Scientists found the fossil specimens – one of which was a near-complete youngster – in 1990 in the Chengjiang Lagerstätte, a site in China's Yunnan province.
The juvenile individual measured nearly 6 inches (15 centimeters) long and about 2 inches (5 cm) wide, and belongs to a group of extinct ocean-dwelling ancestral arthropods called radiodonts, researchers reported Sept. 7 in the Journal of the Geological Society.
Initially, researchers identified the oddball animal as a previously known radiodont species. (The group gets its name from the circular ring of teeth surrounding the animals' mouths.)

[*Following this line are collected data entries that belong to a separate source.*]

(* Let $\Gamma$ be a non-trivial finite group and let $G=\Gamma^\omega$, the countable product of copies of $\Gamma$, equipped with the product topology (each factor discrete) and its normalized Haar measure. Then $G$ has $2^{\mathfrak c}$ distinct dense subgroups that are not Haar measurable, where $\mathfrak c=2^{\aleph_0}$.
   Context: Haar measurability refers to the completed normalized Haar measure on the compact group $G$. *)

From HB Require Import structures.
From mathcomp Require Import all_boot all_order all_algebra all_fingroup.
From mathcomp Require Import all_classical all_reals all_analysis.

Set Implicit Arguments.
Unset Strict Implicit.
Unset Printing Implicit Defensive.

Import Order.TTheory GRing.Theory Num.Theory.
Local Open Scope classical_set_scope.

Definition cantor_group (gT : finGroupType) : Type :=
  {ptws nat -> discrete_topology gT}.

Section CantorGroup.
Variable gT : finGroupType.
Local Notation G := (cantor_group gT).

Definition gmul (x y : G) : G := fun i => (x i * y i)%g.
Definition ginv (x : G) : G := fun i => ((x i)^-1)%g.
Definition gone : G := fun _ => 1%g.

Definition is_subgroup (H : set G) : Prop :=
  H gone /\ (forall x y, H x -> H y -> H (gmul x y)) /\
  (forall x, H x -> H (ginv x)).

Definition borel_set (B : set G) : Prop := <<s (@open G) >> B.

(** Basic cylinder: all x agreeing with w on the first n coordinates.
    Its normalized Haar measure is |Gamma|^(-n). *)
Definition cylinder (n : nat) (w : G) : set G :=
  [set x | forall i, (i < n)%N -> x i = w i].

Definition cylinder_measure (n : nat) : rat :=
  (((#|gT| ^ n)%N)%:R)^-1.

(** Null sets for the (outer) normalized Haar measure: for every eps = 1/(k+1)
    the set is covered by countably many cylinders of total measure <= eps. *)
Definition haar_null (N : set G) : Prop :=
  forall k : nat, exists (ns : nat -> nat) (ws : nat -> G),
    N `<=` \bigcup_i cylinder (ns i) (ws i) /\
    forall m : nat, (\sum_(i < m) cylinder_measure (ns i) <= (k.+1%:R)^-1)%R.

(** Measurable for the completed normalized Haar measure: differs from a
    Borel set by a null set. *)
Definition haar_measurable (A : set G) : Prop :=
  exists B, borel_set B /\ haar_null ((A `\` B) `|` (B `\` A)).

End CantorGroup.

From HB Require Import structures.
From mathcomp Require Import all_boot all_order all_algebra all_fingroup.
From mathcomp Require Import all_classical all_reals all_analysis.
From mathcomp Require Import ring Rstruct.

(* For a nonprincipal ultrafilter U on nat, the set H_U of sequences that are
   U-almost everywhere 1 is a dense subgroup of G = Gamma^nat, and it is
   invariant under translation by finitely supported elements.  By a zero-one
   law (translation invariance makes a measurable B independent of every set
   determined by finitely many coordinates, hence of itself), a measurable set
   that is invariant up to null sets has measure 0 or 1.  Neither is possible
   for H_U: its translates by the constant sequences cover G, while H_U and
   H_U a are disjoint for a <> 1.  Distinct ultrafilters give distinct H_U,
   and an independent family of subsets of nat indexed by 2^nat yields 2^c
   ultrafilters.  The Haar measure is obtained by Caratheodory extension of
   the uniform content on sets determined by finitely many coordinates, whose
   sigma-additivity comes from compactness. *)

Set Implicit Arguments.
Unset Strict Implicit.
Unset Printing Implicit Defensive.

Import Order.TTheory GRing.Theory Num.Theory.
Local Open Scope classical_set_scope.

(* [cantor_group gT] pointed at the unit, as required by [compact_cover] and by
   measurable types; it also carries the algebra of determined sets below. *)
Definition cantorT (gT : finGroupType) := cantor_group gT.
HB.instance Definition _ (gT : finGroupType) := Topological.on (cantorT gT).
HB.instance Definition _ (gT : finGroupType) :=
  isPointed.Build (cantorT gT) (fun _ => 1%g).

Section Determined.
Variable gT : finGroupType.
Local Notation q := #|gT|.

Definition determined n (A : set (cantorT gT)) :=
  forall x y, (forall i, (i < n)%N -> x i = y i) -> A x -> A y.

Definition pad n (u : {ffun 'I_n -> gT}) : cantorT gT :=
  fun i => if @insub _ (fun k => (k < n)%N) _ i is Some j then u j else 1%g.

Lemma pad_lt n (u : {ffun 'I_n -> gT}) i (lt_in : (i < n)%N) :
  pad u i = u (Ordinal lt_in).
Proof. by rewrite /pad insubT. Qed.

Lemma pad_ord n (u : {ffun 'I_n -> gT}) (i : 'I_n) : pad u i = u i.
Proof. by rewrite (pad_lt u (ltn_ord i)); congr (u _); apply: val_inj. Qed.

Definition count_words n (A : set (cantorT gT)) : nat :=
  (\sum_(u : {ffun 'I_n -> gT}) `[< A (pad u) >])%N.

Lemma determinedW n m A : (n <= m)%N -> determined n A -> determined m A.
Proof. by move=> le_nm dA x y xy; apply: dA => i lt_in; apply/xy/(leq_trans lt_in). Qed.

Lemma determinedC n A : determined n A -> determined n (~` A).
Proof. by move=> dA x y xy nAx Ay; apply/nAx/(dA y) => // i /xy. Qed.

Lemma count_wordsS n A : determined n A -> count_words n.+1 A = (q * count_words n A)%N.
Proof.
move=> dA.
pose h (p : {ffun 'I_n -> gT} * gT) : {ffun 'I_n.+1 -> gT} :=
  [ffun i => if unlift ord_max i is Some j then p.1 j else p.2].
pose k (u : {ffun 'I_n.+1 -> gT}) := ([ffun j => u (lift ord_max j)], u ord_max).
have hK : cancel k h.
  move=> u; apply/ffunP => i; rewrite ffunE /=.
  by case: unliftP => [j ->|->]; rewrite ?ffunE.
have kK : cancel h k.
  move=> [v a]; rewrite /k /h /= ffunE unlift_none; congr (_, _).
  by apply/ffunP => j; rewrite !ffunE liftK.
rewrite /count_words (reindex h); last by exists k => x _; [exact: kK|exact: hK].
transitivity (\sum_(v : {ffun 'I_n -> gT}) \sum_(a : gT) `[< A (pad (h (v, a))) >])%N.
  by rewrite pair_big; apply: eq_bigr => -[].
rewrite big_distrr /=; apply: eq_bigr => v _.
rewrite -sum_nat_const; apply: eq_bigr => a _; congr (nat_of_bool _); apply: asbool_equiv_eq.
have pad_h i : (i < n)%N -> pad (h (v, a)) i = pad v i.
  move=> lt_in; have lt_iSn : (i < n.+1)%N := ltnW lt_in.
  rewrite (pad_lt _ lt_in) (pad_lt _ lt_iSn) ffunE.
  have -> : Ordinal lt_iSn = lift ord_max (Ordinal lt_in).
    by apply: val_inj; rewrite /= /bump leqNgt lt_in.
  by rewrite liftK.
by split; apply: dA => i /pad_h.
Qed.

Lemma count_wordsD n k A :
  determined n A -> count_words (n + k) A = (q ^ k * count_words n A)%N.
Proof.
move=> dA; elim: k => [|k IHk]; first by rewrite addn0 expn0 mul1n.
by rewrite addnS count_wordsS ?IHk ?expnS ?mulnA //; apply: determinedW dA; exact: leq_addr.
Qed.

Definition determined_set (A : set (cantorT gT)) := exists n, determined n A.

Lemma determined_set0 : determined_set set0.
Proof. by exists 0%N. Qed.

Lemma determined_setU : setU_closed determined_set.
Proof.
move=> A B [n dA] [m dB]; exists (maxn n m) => x y xy [Ax|Bx].
  by left; apply: (determinedW (leq_maxl n m) dA) Ax.
by right; apply: (determinedW (leq_maxr n m) dB) Bx.
Qed.

Lemma determined_setC : setC_closed determined_set.
Proof. by move=> A [n dA]; exists n; exact: determinedC. Qed.

Lemma determined_common (F : nat -> set (cantorT gT)) N :
  (forall i, determined_set (F i)) -> (forall k, (N <= k)%N -> F k = set0) ->
  exists n, forall i, determined n (F i).
Proof.
move=> dF FN.
suff [n dFn] : exists n, forall i, (i < N)%N -> determined n (F i).
  by exists n => i; case: (ltnP i N) => [/dFn //|/FN ->] x y.
elim: N {FN} => [|N [n dFn]]; first by exists 0%N.
have [k dk] := dF N; exists (maxn n k) => i.
rewrite ltnS leq_eqVlt => /orP[/eqP ->|/dFn]; first exact: determinedW (leq_maxr n k) dk.
exact: determinedW (leq_maxl n k).
Qed.

End Determined.

HB.instance Definition _ (gT : finGroupType) :=
  @isAlgebraOfSets.Build default_measure_display (cantorT gT) (@determined_set gT)
    (@determined_set0 gT) (@determined_setU gT) (@determined_setC gT).

Section Topology.
Variable gT : finGroupType.
Local Notation G := (cantorT gT).

Lemma cylinder_determined n (w : G) : determined n (cylinder n w).
Proof. by move=> x y xy cx i lt_in; rewrite -xy //; exact: cx. Qed.

Lemma cylinderS n (w : G) :
  cylinder n.+1 w = cylinder n w `&` ((fun x : G => x n) @^-1` [set w n]).
Proof.
apply/seteqP; split => x /=.
  by move=> cx; split; [move=> i lt_in; apply/cx/ltnW|apply: cx].
by move=> [cx xn] i; rewrite ltnS leq_eqVlt => /orP[/eqP ->|/cx].
Qed.

Lemma open_cylinder n (w : G) : open (cylinder n w).
Proof.
elim: n => [|n IHn].
  have -> : cylinder 0 w = setT by apply/seteqP; split.
  exact: openT.
rewrite cylinderS; apply: openI => //; apply: open_comp; last exact: discrete_open.
by move=> x _; exact: (@proj_continuous nat (fun _ => discrete_topology gT) n).
Qed.

Lemma open_determined n (A : set G) : determined n A -> open A.
Proof.
move=> dA; rewrite (_ : A = \bigcup_(x in A) cylinder n x).
  by apply: bigcup_open => x _; exact: open_cylinder.
apply/seteqP; split => [x Ax|y [x Ax cxy]]; first by exists x.
by apply: (dA x) => // i /cxy.
Qed.

Lemma closed_determined n (A : set G) : determined n A -> closed A.
Proof. by move=> dA; rewrite -openC; exact: open_determined (determinedC dA). Qed.

Lemma compact_cantor_group : compact [set: G].
Proof.
have := @tychonoff nat (fun _ => discrete_topology gT) (fun _ => setT)
  (fun _ => @finite_compact (discrete_topology gT) setT (@finite_finset gT setT)).
by congr (compact _); apply/seteqP; split.
Qed.

Lemma cylinder_sub_open (O : set G) x : open O -> O x -> exists n, cylinder n x `<=` O.
Proof.
move=> oO Ox; apply: contrapT => no_cyl.
have escape n : exists z, cylinder n x z /\ ~ O z.
  apply: contrapT => all_in; apply: no_cyl; exists n => z cz.
  by apply: contrapT => nOz; apply: all_in; exists z.
have [y yP] := choice escape.
have y_cvg : y @ \oo --> (x : G).
  apply/(@pointwise_cvgP nat (discrete_topology gT)) => i.
  by apply/discrete_cvg; exists i.+1 => // n /= lt_in; exact: (proj1 (yP n)) i lt_in.
have [N _ yO] : \forall n \near \oo, O (y n).
  by apply: y_cvg; apply: open_nbhs_nbhs; split.
exact: (proj2 (yP N)) (yO N (leqnn N)).
Qed.
Theorem theorem4 (R : realType) (S A : finType) (m : nat)
  (P : S -> A -> S -> R) (r : S -> A -> S -> R) (gamma : R)
  (phi : S -> A -> 'cV[R]_m) (b : S -> A -> R) (mu : S * A -> R)
  (d : S * A -> R) (alpha : R) (th0 thstar : 'cV[R]_m) (eps C : R) :
  (* MDP *)
  (forall s a s', 0 <= P s a s') -> (forall s a, \sum_s' P s a s' = 1) ->
  0 < gamma < 1 ->
  (* features: Phi has full column rank *)
  \rank (Phi phi) = m ->
  (* behaviour policy, initial law of X_0, stationary distribution d > 0 *)
  (forall s a, 0 <= b s a) -> (forall s, \sum_a b s a = 1) ->
  (forall x, 0 <= mu x) -> \sum_x mu x = 1 ->
  (forall x, 0 < d x) -> \sum_x d x = 1 ->
  (forall s' a', \sum_(x : S * A) d x * (P x.1 x.2 s' * b s' a') = d (s', a')) ->
  (* step size *)
  0 < alpha < 1 ->
  let rho := jsr phi P d alpha gamma in
  rho < 1 ->
  (* theta* is the projected Bellman fixed point *)
  gfun phi P r d gamma thstar = 0 ->
  0 < eps ->
  let beta := rho + eps in
  beta < 1 ->
  let p := peps phi P d alpha gamma beta in
  1 <= C ->
  (forall x : 'cV[R]_m,
      norm2 x ^+ 2 <= Vinf phi P d alpha gamma beta x <= C * norm2 x ^+ 2) ->
  let lam := beta + 4 * alpha * Num.sqrt C * (1 + gamma) * phimax phi ^+ 2 in
  lam < 1 ->
  let K := 2 * alpha * Num.sqrt C * phimax phi *
             (Rmax r + (1 + gamma) * norminf (Phi phi *m thstar)
                     + norminf (Bres phi P r gamma thstar)) in
  let E := Expect phi P r alpha gamma b mu th0 in
  (forall k : nat,
     E k (fun th => p (th - thstar))
       <= lam ^+ k * p (th0 - thstar) + K / (1 - lam) * (1 - lam ^+ k)) /\
  (forall k : nat,
     E k (fun th => norm2 (th - thstar))
       <= Num.sqrt C * lam ^+ k * norm2 (th0 - thstar) + K / (1 - lam)) /\
  (limn_esup (fun k => (E k (fun th => norm2 (th - thstar)))%:E)
       <= (K / (1 - lam))%:E)%E /\
  (forall k : nat,
     E k (fun th => norm2 (Phi phi *m th - Phi phi *m thstar))
       <= opnorm (Phi phi) *
          (Num.sqrt C * lam ^+ k * norm2 (th0 - thstar) + K / (1 - lam))).
Proof.
move=> P_ge0 P_sum /andP[gamma_gt0 _] _ b_ge0 b_sum mu_ge0 mu_sum d_gt0 d_sum _.
move=> /andP[alpha_gt0 _] rho _ _ eps_gt0 beta _ p C_ge1 Vinf_sandwich lam lam_lt1 K E.
have beta_gt0 : 0 < beta by rewrite ltr_wpDl ?jsr_ge0.
have aCphi0 : 0 <= alpha * Num.sqrt C * phimax phi.
  by rewrite !mulr_ge0 ?sqrtr_ge0 ?phimax_ge0 // ltW.
have gamma1 : 0 <= 1 + gamma by rewrite addr_ge0 // ltW.
have coef0 := mulr_ge0 (mulr_ge0 aCphi0 gamma1) (phimax_ge0 phi).
have lam_ge : beta + 2 * alpha * Num.sqrt C * (1 + gamma) * phimax phi ^+ 2 <= lam.
  by rewrite /lam; lra.
have K_ge : alpha * Num.sqrt C * phimax phi
            * (Rmax r + (1 + gamma) * norminf (Phi phi *m thstar)) <= K.
  have := mulr_ge0 aCphi0 (norminf_ge0 (Bres phi P r gamma thstar)).
  have := norminf_ge0 (Phi phi *m thstar).
  move/(mulr_ge0 gamma1)/(addr_ge0 (Rmax_ge0 r))/(mulr_ge0 aCphi0).
  by rewrite /K; lra.
have hp := peps_theta_le th0 P_ge0 P_sum (fun x => ltW (d_gt0 x)) d_sum (ltW alpha_gt0)
  (ltW gamma_gt0) beta_gt0 (le_trans ler01 C_ge1) Vinf_sandwich lam_ge K_ge lam_lt1.
have hn := norm2_theta_le th0 P_ge0 P_sum (fun x => ltW (d_gt0 x)) d_sum (ltW alpha_gt0)
  (ltW gamma_gt0) beta_gt0 (le_trans ler01 C_ge1) Vinf_sandwich lam_ge K_ge lam_lt1.
have E_le := Expect_le P_ge0 P_sum b_ge0 b_sum mu_ge0 mu_sum.
split; first by move=> k; apply: E_le => w; exact: hp.
split; first by move=> k; apply: E_le => w; exact: hn.
split.
  apply: (limn_esup_le_geometric (c := Num.sqrt C * norm2 (th0 - thstar)) (lam := lam)).
    by rewrite lam_lt1 andbT; lra.
  by move=> k; rewrite mulrAC; apply: E_le => w; exact: hn.
move=> k; apply: E_le => w; rewrite -mulmxBr.
exact: le_trans (ler_opnorm _ _) (ler_wpM2l (opnorm_ge0 _) (hn w k)).
Qed.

However, the fossil's frontmost pair of spiky limbs – known as raptorial appendages – differed from all other radiodonts', which led to a recent reevaluation of the fossils, said lead study author Han Zeng, an assistant professor at the Nanjing Institute of Geology and Paleontology at the Chinese Academy of Sciences.
Though radiodonts have similar body plans, species "are distinguished mainly by their diverse forms of raptorial appendages," and those of the fossil were so unique that researchers determined it was not only a new species but a previously unknown genus, Zeng told Live Science in an email.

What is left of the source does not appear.